Thirty-one years ago, Larry Shue’s comedy The Foreigner premiered in Milwaukee before achieving national acclaim off Broadway and regionally. Its most recent Brew City reprise takes place on Theatre Unchained’s intimate stage. John Baiocchi directs and Artistic Director James Dragolovich stars as Charlie, the traveling English cuckold with the amusingly mistaken notion that pretending not to speak English will make for an uneventful stay in a Georgia fishing lodge.
The production feels under-rehearsed in terms of line recall and dialects, but is nonetheless a lot of laughs in a heartwarming package. The forays into slapstick are especially successful. Dragolovich’s facial expressions are hilarious when Charlie hides on a small couch, inadvertently overhearing a serious discussion between the engaged couple, David (Jon Weisse) and Catherine (Liz Leighton).
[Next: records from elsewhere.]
(* Let $r>0$, $d>0$ with $d\sqrt{2}<r$, and let $X\subseteq\mathbb{R}^2$ be a bounded $r$-regular set whose boundary contains no point of $d\mathbb{Z}^2$. Let $C$ be a grey pixel of the lattice $d\mathbb{Z}^2$ having two direct neighbour pixels (pixels sharing a side with $C$) which share a vertex with each other and which are either both black or both white. Let $p$ be the vertex of $C$ that belongs to neither of these two neighbour pixels. If $q\in\partial X\cap C$, then $q\in B_d(p)$, the open ball of radius $d$ centred at $p$.
   Context: A closed set $X\subseteq\mathbb{R}^2$ is $r$-regular if for each $x\in\partial X$ there are two open balls of radius $r$, $B_r(x_b)\subseteq X$ and $B_r(x_w)\subseteq \mathbb{R}^2\setminus X$, with $\overline{B_r(x_b)}\cap\overline{B_r(x_w)}=\{x\}$. Pixels are the closed squares $[dk,d(k+1)]\times[dl,d(l+1)]$, $k,l\in\mathbb{Z}$. A pixel $P$ is black if $\mathrm{area}(X\cap P)=d^2$, white if $\mathrm{area}(X\cap P)=0$, and grey otherwise. *)

From HB Require Import structures.
From mathcomp Require Import all_boot all_order all_algebra.
From mathcomp Require Import all_classical all_reals all_analysis.
Set Implicit Arguments. Unset Strict Implicit. Unset Printing Implicit Defensive.
Import Order.TTheory GRing.Theory Num.Theory.
Local Open Scope classical_set_scope.
Local Open Scope ring_scope.

Section Defs.
Variable R : realType.
Local Notation pt := (R * R)%type.

Definition edist (x y : pt) : R :=
  Num.sqrt ((x.1 - y.1) ^+ 2 + (x.2 - y.2) ^+ 2).

Definition oball (c : pt) (r : R) : set pt := [set x | edist c x < r].
Definition cball (c : pt) (r : R) : set pt := [set x | edist c x <= r].

Definition bdry (X : set pt) : set pt :=
  [set x | forall e : R, 0 < e ->
     (exists y, oball x e y /\ X y) /\ (exists y, oball x e y /\ ~ X y)].

Definition bounded2 (X : set pt) : Prop :=
  exists M : R, forall x, X x -> edist (0, 0) x <= M.

Definition eclosed (X : set pt) : Prop :=
  forall x, ~ X x -> exists e : R, 0 < e /\ oball x e `<=` ~` X.

Definition r_regular (r : R) (X : set pt) : Prop :=
  eclosed X /\
  forall x, bdry X x ->
    exists xb xw : pt,
      oball xb r `<=` X /\ oball xw r `<=` ~` X /\
      cball xb r `&` cball xw r = [set x].

Definition pixel (d : R) (k l : int) : set pt :=
  [set x | d * k%:~R <= x.1 <= d * (k + 1)%:~R /\
           d * l%:~R <= x.2 <= d * (l + 1)%:~R].

Definition area : set pt -> \bar R :=
  (@lebesgue_measure R \x @lebesgue_measure R)%E.

Definition black (X : set pt) (d : R) (k l : int) : Prop :=
  area (X `&` pixel d k l) = (d ^+ 2)%:E.
Definition white (X : set pt) (d : R) (k l : int) : Prop :=
  area (X `&` pixel d k l) = 0%E.
Definition grey (X : set pt) (d : R) (k l : int) : Prop :=
  ~ black X d k l /\ ~ white X d k l.

Definition direct_neighbour (k l k' l' : int) : Prop :=
  (`|k' - k|%N + `|l' - l|%N = 1)%N.

Definition is_vertex (d : R) (k l : int) (v : pt) : Prop :=
  exists i j : int, 0 <= i <= 1 /\ 0 <= j <= 1 /\
    v = (d * (k + i)%:~R, d * (l + j)%:~R).

Definition lattice_pt (d : R) (v : pt) : Prop :=
  exists k l : int, v = (d * k%:~R, d * l%:~R).
End Defs.

(* A boundary point q of an r-regular set lies on two circles of radius r whose
   open disks are inside X and inside its complement.  If the two neighbours of C
   are black they lie in the closed set X, hence outside the complementary disk; if
   they are white, X meets them in a null set, hence they miss the disk inside X
   (a disk around a point of a pixel covers a square of positive area in it).
   Either way q lies on a circle of radius r > d sqrt 2 whose open disk misses both
   neighbours.  In coordinates centred at p, C is [0,d]^2 and the neighbours form
   the L-shape [d,2d] x [0,d] U [0,d] x [d,2d]; locating the centre of the circle
   relative to the L and comparing with a nearest point of the L shows that such a
   circle can pass through a point of C at distance >= d from p only at the lattice
   points (d,0), (0,d), (d,d), which are excluded since bdry X misses d Z^2. *)

From Pilot Require Import Defs.
From HB Require Import structures.
From mathcomp Require Import all_boot all_order all_algebra.
From mathcomp Require Import all_classical all_reals all_analysis.
From mathcomp Require Import complex.
From mathcomp Require Import ring lra zify.
Set Implicit Arguments. Unset Strict Implicit. Unset Printing Implicit Defensive.
Import Order.TTheory GRing.Theory Num.Theory.
Local Open Scope classical_set_scope.
Local Open Scope ring_scope.

Section Corner.
Variable R : realFieldType.

Lemma sum_le_of_third_quadrant (d c1 c2 q1 q2 : R) :
  c1 < 0 -> c2 < 0 -> 0 <= q1 <= d -> 0 <= q2 <= d ->
  d ^+ 2 <= q1 ^+ 2 + q2 ^+ 2 ->
  (c1 - q1) ^+ 2 + (c2 - q2) ^+ 2 <= (c1 - d) ^+ 2 + c2 ^+ 2 ->
  (c1 - q1) ^+ 2 + (c2 - q2) ^+ 2 <= c1 ^+ 2 + (c2 - d) ^+ 2 ->
  q1 + q2 <= d.
Proof.
move=> c10 c20 /andP[q10 q1d] /andP[q20 q2d] far A B.
have A' : (- c2) * q2 <= (- c1) * (d - q1) by nra.
have B' : (- c1) * q1 <= (- c2) * (d - q2) by nra.
rewrite leNgt; apply/negP => h.
have : 0 < (- c1) * d * (q1 + q2 - d) by rewrite !mulr_gt0 //; lra.
nra.
Qed.

Definition Lshape (d a b : R) : Prop :=
  (d <= a <= 2 * d /\ 0 <= b <= d) \/ (0 <= a <= d /\ d <= b <= 2 * d).
(* Let $u_{tm}=0110100110010110\cdots$ be the Thue–Morse word and $a_{tm}=\tfrac12,1,\tfrac34,\tfrac14,\ldots$ the canonical representative of its valid permutation. (i) The valid permutation of the word $0\,u'$, where $u'=1221211221121221\cdots$ is the Thue–Morse word written over the alphabet $\{1,2\}$ (with $1<2$), is ergodic, with canonical representative $0,\tfrac12,1,\tfrac34,\tfrac14,\ldots$ (that is, $0$ followed by $a_{tm}$). (ii) The valid permutation of the word $2\,u_{tm}=20110100110010110\cdots$ is not ergodic.
   Context: For an aperiodic infinite word $u$ over $\{0,\ldots,q-1\}$, the valid permutation $\alpha_u$ is the infinite permutation with $\alpha_u[i]<\alpha_u[j]$ iff the shift $T^iu=u[i]u[i+1]\cdots$ is lexicographically smaller than $T^ju$. An infinite permutation is an equivalence class of real sequences with pairwise distinct elements under $(a[n])\sim(b[n])$ iff $a[i]<a[j]\Leftrightarrow b[i]<b[j]$ for all $i,j$. A real sequence $(a[i])_{i\ge0}$ is canonical if its elements are pairwise distinct, lie in $[0,1]$, and for every $t\in[0,1]$, $\#\{0\le k<n: a[j+k]<t\}/n\to t$ as $n\to\infty$ uniformly in $j$; a permutation is ergodic if it has a canonical representative. The sequence $a_{tm}$ is the fixed point starting with $\tfrac12$ of the morphism $x\mapsto(\tfrac x2+\tfrac14,\tfrac x2+\tfrac34)$ for $0\le x\le\tfrac12$, $x\mapsto(\tfrac x2+\tfrac14,\tfrac x2-\tfrac14)$ for $\tfrac12<x\le1$. *)

From Stdlib Require Import Reals Lra Lia Arith.
Open Scope R_scope.

Definition word := nat -> nat.
Definition shift (i : nat) (u : word) : word := fun n => u (i + n)%nat.
Definition lex_lt (u v : word) : Prop :=
  exists k : nat, (forall i : nat, (i < k)%nat -> u i = v i) /\ (u k < v k)%nat.

Definition aperiodic (u : word) : Prop :=
  ~ (exists p n0 : nat, (0 < p)%nat /\ forall n, (n0 <= n)%nat -> u (n + p)%nat = u n).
The scenes in which Ellard (A.J. Stibbe) “teaches” English words to Charlie in a thick Southern drawl are similarly gut busting.
Shue’s message that sometimes it takes a fictitious persona to bring out the best in everybody comes across clearly as well. Stibbe’s charmingly obtuse Ellard finally gets to be seen as something more than a dense country bumpkin through his lessons with Charlie, and Leighton’s brilliantly high-strung Catherine gets the confidant she’s always wanted by confessing her secrets to the enamored, supposedly uncomprehending foreigner. Moreover, the bad guys trying to take over the lodge for sinister purposes get a serious run for their money from the strange man whose meaningless “voodoo talk” packs more of a punch than they bargain for.
The Foreigner runs through March 2 at Theatre Unchained, 1024 S. Fifth St.